Curiosamente (ou não tanto) os maiores fãs deste Pisco são, sem dúvida, as gentes do Reino Unido. O Pisco, aliás o Robin (aliás o Robin europeu, a não confundir com o Robin americano) é praticamente considerado a “ave nacional” – parece que só falta oficializar a relação. Este amor dos britânicos pelo Robin deve-se, claro, ao seu ar fofo e ao seu cantar melódico, mas também ao facto de ser uma ave presente todo o ano que encanta o branco dos Invernos com o seu peito ruivo, aproximando-se dos humanos (e então se forem britânicos...) para ver se ganha alguma migalhita.
Até à idade média chamavam-lhe Redbreast (ainda o fazem os franceses usando o Rouge-gorge - como se não houvesse outro pássaro de peito-ruivo) ou Ruddock (palavra do Inglês antigo para “red”, também alcunha dada aos ruivos e persistindo ainda hoje como apelido). Mas depois, os inglêses acharam que como a fêmea não tinha o peito ruivo não lhe podiam chamar Redbreast – enganavam-se, estavam a confundir a pequenita carriça com a Sra. Robin que essa sim tem o peito ruivo. E como quem põe o nome a um filho ficou o macho Robin e a carriça Jenny .
Desde adivinho meteorológico consoante se esconde ou se encima num arbusto para cantar; desde ave piedosa que tirou os espinhos cravados no corpo de Cristo; passando por gentil protector de abandonados corpos mortos que cobre com musgo e folhas; saibam que até os carteiros Vitorianos foram chamados de robins redbreasts por usarem uniforme vermelho e que este Pisco é cantado por tantos poetas britânicos, e encanta em muito contos infantis e não tão infantis. Mas ainda assim diga-se, só depois do Mourinho virá o Pisco!

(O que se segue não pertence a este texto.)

(* Let $\bar\ell,m,n,k$ satisfy $m<1+n/\bar\ell$, $1\le k\le m$, and let $q=2^t\ge n+k$. Then there exists an $[[n,k,d]]_q$ qudit CSS code $\mathcal Q$ with $d\ge\min(n-m+1,m-k+1)$ such that for any $e,\ell\le\bar\ell$, every $e$-variate polynomial $P$ over $\mathbb F_q$ of degree at most $\ell$, every $A\in[k]$ and every $\beta\in\mathbb F_q$, there is a transversal (depth-one, single-qudit-per-position) physical gate $\bigotimes_{i=1}^nU_P^{\beta_i}[i]$ on $e$ code blocks which acts on $\mathcal Q^{\otimes e}$, up to a global phase, as $\overline{U_P^\beta[A]}$, i.e. multiplies $\overline{\ket{u^{(1)}}}\cdots\overline{\ket{u^{(e)}}}$ by $(-1)^{\mathrm{tr}(\beta P(u^{(1)}_A,\dots,u^{(e)}_A))}$. In particular this includes single-index addressable $\mathsf{C^{(\ell-1)}Z}$ gates across $\ell$ blocks and addressable single-qudit gates $U_\ell^\beta$. Choosing $m=\lfloor n/\bar\ell\rfloor$ and $k=m/2$, the codes are asymptotically good over growing $q$ with rate and relative distance at least $1/(2\bar\ell)$ asymptotically. *)

From HB Require Import structures.
From mathcomp Require Import all_boot all_order all_algebra all_field.
From mathcomp Require Import mpoly.
Set Implicit Arguments.
Unset Strict Implicit.
Unset Printing Implicit Defensive.
Import Order.TTheory GRing.Theory Num.Theory.
Local Open Scope ring_scope.

Section QuditCSS.
Variable F : finFieldType.

Definition is_linear_code n (C : {set 'rV[F]_n}) : Prop :=
  0 \in C /\ forall (a : F) (x y : 'rV[F]_n), x \in C -> y \in C -> a *: x + y \in C.

Definition dotv n (x y : 'rV[F]_n) : F := \sum_(i < n) x 0 i * y 0 i.

Definition dual_code n (C : {set 'rV[F]_n}) : {set 'rV[F]_n} :=
  [set y | [forall x in C, dotv x y == 0]].

Definition wt n (x : 'rV[F]_n) : nat := #|[set i : 'I_n | x 0 i != 0]|.

(* An [[n,k]]_q qudit CSS code CSS(X,C1;Z,C2) with C2^perp <= C1, together with a
   linear encoding matrix G : F^k -> C1 whose image is a complement of C2^perp in C1.
   The logical basis state |u> (u in F^k) is the uniform superposition over the coset
   u G + C2^perp. *)
Definition is_CSS_code n k (C1 C2 : {set 'rV[F]_n}) (G : 'M[F]_(k, n)) : Prop :=
  [/\ is_linear_code C1 /\ is_linear_code C2,
      dual_code C2 \subset C1,
      (forall u : 'rV[F]_k, u *m G \in C1),
      (forall u : 'rV[F]_k, u *m G \in dual_code C2 -> u = 0)
    & #|C1| = (#|F| ^ k * #|dual_code C2|)%N ].

Definition css_dist_ge n (C1 C2 : {set 'rV[F]_n}) (d : nat) : Prop :=
  (forall x, x \in C1 -> x \notin dual_code C2 -> (d <= wt x)%N) /\
  (forall x, x \in C2 -> x \notin dual_code C1 -> (d <= wt x)%N).

(* absolute trace F_q -> F_2 (valued in the prime subfield {0,1} of F), q = 2^t *)
Definition abs_trace (x : F) : F := \sum_(i < logn 2 #|F|) x ^+ (2 ^ i).

Definition sgnF (a : F) : algC := if abs_trace a == 0 then 1 else -1.

(* (unnormalized) states of e code blocks of n qudits each: amplitude functions
   on computational basis states x = (x^(1),...,x^(e)) *)
Definition state n e := {ffun 'I_e -> 'rV[F]_n} -> algC.

Definition logical_ket n k e (C2 : {set 'rV[F]_n}) (G : 'M[F]_(k, n))
  (u : 'I_e -> 'rV[F]_k) : state n e :=
  fun x => if [forall j, x j - u j *m G \in dual_code C2] then 1 else 0.

Definition phys_gate n e (P : {mpoly F[e]}) (bs : 'I_n -> F) (psi : state n e) : state n e :=
  fun x => (\prod_(i < n) sgnF (bs i * meval (fun j => x j 0 i) P)) * psi x.

End QuditCSS.

From HB Require Import structures.
From mathcomp Require Import all_boot all_order all_algebra all_field.
From mathcomp Require Import mpoly.
From mathcomp Require Import zify.
Import Order.TTheory GRing.Theory Num.Theory.
Local Open Scope ring_scope.
Set Implicit Arguments. Unset Strict Implicit.

(* The code is a Reed-Solomon CSS code on [n] nodes [alpha i], with [k] further nodes
   [gamma a] carrying the logical qudits: [C1] is the evaluation code of polynomials of
   degree [< m], [C2^perp] that of the multiples [h * Z] with [deg h < m - k] of the
   polynomial [Z] vanishing on the [gamma a], and [u] is encoded by the interpolant of [u]
   on the [gamma a].  Both distance bounds come from counting roots.  A basis state of
   [e] blocks is [ev p_j] in block [j] with [deg p_j < m] and [p_j (gamma A) = u_A^(j)],
   so [Q := P (p_1, ..., p_e)] has degree [(m - 1) l < n]; Lagrange interpolation on the
   [alpha i] writes [Q (gamma A)] as [\sum_i lambda_i Q (alpha i)], and since
   [x |-> (-1)^(tr x)] is a character of [(F, +)] in characteristic 2, the physical phases
   with [beta_i = beta * lambda_i] multiply to the logical phase. *)

Lemma size_sum_leq (R : nzRingType) I (r : seq I) (P : pred I)
    (f : I -> {poly R}) N :
  (forall i, P i -> (size (f i) <= N)%N) ->
  (size (\sum_(i <- r | P i) f i)%R <= N)%N.
Proof.
move=> hf; apply: (big_ind (fun p : {poly R} => size p <= N)%N) => // [|p q hp hq].
  by rewrite size_poly0.
by apply: leq_trans (size_polyD _ _) _; rewrite geq_max hp hq.
Qed.

Section Interpolation.
Variable F : fieldType.
Implicit Types (s : seq F) (g : {poly F}).

(* Newton's form of the interpolation polynomial of [v] on the nodes [s]. *)
Fixpoint interp s (v : F -> F) : {poly F} :=
  if s is x :: s' then
    let p := interp s' v in let w := \prod_(y <- s') ('X - y%:P) in
    p + ((v x - p.[x]) / w.[x]) *: w
  else 0.

Lemma size_interp s v : (size (interp s v) <= size s)%N.
Proof.
elim: s => [|x s IH] /=; first by rewrite size_poly0.
apply: leq_trans (size_polyD _ _) _; rewrite geq_max (leq_trans IH) //=.
by apply: leq_trans (size_scale_leq _ _) _; rewrite size_prod_XsubC.
Qed.

Lemma horner_interp s v x : uniq s -> x \in s -> (interp s v).[x] = v x.
Proof.
elim: s => [|y s IH] //= /andP[ys us]; rewrite inE hornerD hornerZ.
case/orP => [/eqP ->|xs].
  have wy : (\prod_(z <- s) ('X - z%:P)).[y] != 0 by rewrite -/(root _ y) root_prod_XsubC.
  by rewrite divfK // addrC subrK.
have /eqP -> : root (\prod_(z <- s) ('X - z%:P)) x by rewrite root_prod_XsubC.
by rewrite mulr0 addr0 IH.
Qed.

Para este post espreitei (entre outras coisas que foram mais de passagem e mais-que-a-conta):
aqui em português familiar, aqui em francês, e aqui um mero acaso em pesquisa de última hora mas que gostei muito! Ah, também espreitei este livro na sua versão de páginas verdadeiras, de papel.
E, já que o post vai curto, aproveito para vos fazer voltar a observar a foto lá de cima. Parecia que o Pisco estava a posar? a lançar um olhar de curioso? Mas reparando bem... parece mesmo que nos está a olhar de lado, não é?